Distinguish between different instances of resources with identical names

Related issue number

Closes #3754

Testing Results

I have tested this feature with actual RayCluster and RayJob resources. Here are some examples from curl http://0.0.0.0:8080/metrics | grep uid:
RayCluster metrics with UID:

kuberay_cluster_info{name="test-metrics-v5",namespace="yanquan-test",owner_kind="None",uid="f1878f09-c183-4f51-b7a5-c4ebb9d19d94"} 1

RayJob metrics with UID:

kuberay_job_info{name="dc-samplev5",namespace="yanquan-test",uid="551484de-b938-4608-abf7-b019db0cd692"} 1

Checks

I've made sure the tests are passing.
Testing Strategy
- Unit tests
- Manual tests
- This PR is not tested :(

kevin85421 · 2025-08-28T18:01:39Z

cc @troychiu @win5923 @owenowenisme Would you mind reviewing this PR? Thanks.

Future-Outlier

LGTM, It looks pretty nice!

owenowenisme

LGTM, Thanks!

Future-Outlier

Can you provide a screenshot with UID in kuberay metrics? this will help a lot!

YuxiaoWang-520 · 2025-08-29T11:23:45Z

Can you provide a screenshot with UID in kuberay metrics? this will help a lot!

Hi there! I've captured 3 screenshots that correspond to three different metrics, and I can confirm that the UID is displaying correctly across all of them.

win5923

Thanks! I will open a follow up PR for ray doc and Grafana Dashboard.

rueian · 2025-08-30T18:29:39Z

Ping @troychiu for review.

troychiu

Thank you!

troychiu

Since #3923 has been merged, I think it would be better to include uid when we reset metrics.

kuberay/ray-operator/controllers/ray/metrics/ray_cluster_metrics.go

Line 94 in d56356b

    
           numCleanedUpMetrics := r.rayClusterProvisionedDurationSeconds.DeletePartialMatch(prometheus.Labels{"name": name, "namespace": namespace})

YuxiaoWang-520 · 2025-09-01T05:53:00Z

Since #3923 has been merged, I think it would be better to include uid when we reset metrics.

kuberay/ray-operator/controllers/ray/metrics/ray_cluster_metrics.go

Line 94 in d56356b

numCleanedUpMetrics := r.rayClusterProvisionedDurationSeconds.DeletePartialMatch(prometheus.Labels{"name": name, "namespace": namespace})

Hi!

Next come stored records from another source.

(* Let $F$ be a field containing $\mathcal K$ and let $w_1,\dots,w_N:\mathbb C\to F$ satisfy $L_j(u)w_m(u)=0$ for all $1\le m\le j\le N$ and all $u$, and assume the Casorati determinants $[0,1,\dots,j-1]$ are nonzero for all $1\le j\le N$ and all $u$. Define, for $1\le m\le N$, \[ \tilde x_m(u)=\frac{[0,\dots,m-1]\,[2,\dots,m]}{[1,\dots,m]\,[1,\dots,m-1]} \] (where $[2,\dots,m]$ and $[1,\dots,m-1]$ are $(m-1)\times(m-1)$ determinants, equal to $1$ when $m=1$). Then $\tilde x_m(u)=x_m(u)$ for all $1\le m\le N$ and all $u$.
   Context: Fix an integer $n\ge 2$ and put $N=2n+2$. Let $Q_a(u)$ ($1\le a\le n$, $u\in\mathbb C$) be algebraically independent commuting indeterminates, $\mathcal K$ the field of fractions of $\mathbb Z[Q_a(u)^{\pm1}]$. Put $d_a=1+\delta_{an}$, $Y_a(u)=Q_a(u-\frac{d_a}{2})/Q_a(u+\frac{d_a}{2})$ for $1\le a\le n$, $Y_0(u)=1$. For $1\le a\le n$ set $z_a(u)=\frac{Y_a(u+\frac a2)}{Y_{a-1}(u+\frac{a+1}2)}$, $z_{\bar a}(u)=\frac{Y_{a-1}(u+\frac{2n-a+3}2)}{Y_a(u+\frac{2n-a+4}2)}$; set $x_a(u)=z_a(u)$, $x_{2n+3-a}(u)=z_{\bar a}(u)$ for $1\le a\le n$, and $x_{n+1}(u)=-x_{n+2}(u)=\frac{Q_n(u+\frac n2)Q_n(u+\frac{n+4}2)}{Q_n(u+\frac{n+2}2)^2}$. $D$ is the shift operator ($D\,c(u)=c(u+1)D$), acting on $w:\mathbb C\to F$ by $(\sum_jc_jD^j)w(u)=\sum_jc_j(u)w(u+j)$. Let $\epsilon_i=1$ for $i\notin\{n+1,n+2\}$ and $\epsilon_{n+1}=\epsilon_{n+2}=-1$, and for $1\le j\le N$ define $L_j(u)=\prod_{i=N+1-j}^{N}\bigl(D-\epsilon_ix_i(u+n+1-i)\bigr)$, factors ordered by increasing $i$ from left to right. (Then $L_N(u)$ equals $L(u)=\prod_{i=1}^N(x_i(u+n+1-i)-D)$.) Casorati determinants: for integers $i_1,\dots,i_m$, $[i_1,\dots,i_m]$ is the function $u\mapsto\det(w_r(u+i_s))_{1\le r,s\le m}$, using $w_1,\dots,w_m$. *)

From HB Require Import structures.
From mathcomp Require Import all_boot all_order all_algebra.
From mathcomp Require Import complex Rstruct.
From mathcomp Require Import mpoly.
Set Implicit Arguments. Unset Strict Implicit. Unset Printing Implicit Defensive.
Import GRing.Theory Num.Theory.
Local Open Scope ring_scope.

I've reviewed the metrics cleanup PR, and I'd like to discuss whether modifications are necessary.

In the metrics cleanup PR, whenever a CR finishes, it cleans up its metrics using the name and namespace. This approach seems sufficient since only one CR with the same name and namespace can exist, so there shouldn't be a need for additional UID-based differentiation.

My PR simply appends the UID value to each metric for distinction purposes and should be decoupled from the metrics cleanup feature. Perhaps we could address this in a follow-up PR to keep the concerns separated.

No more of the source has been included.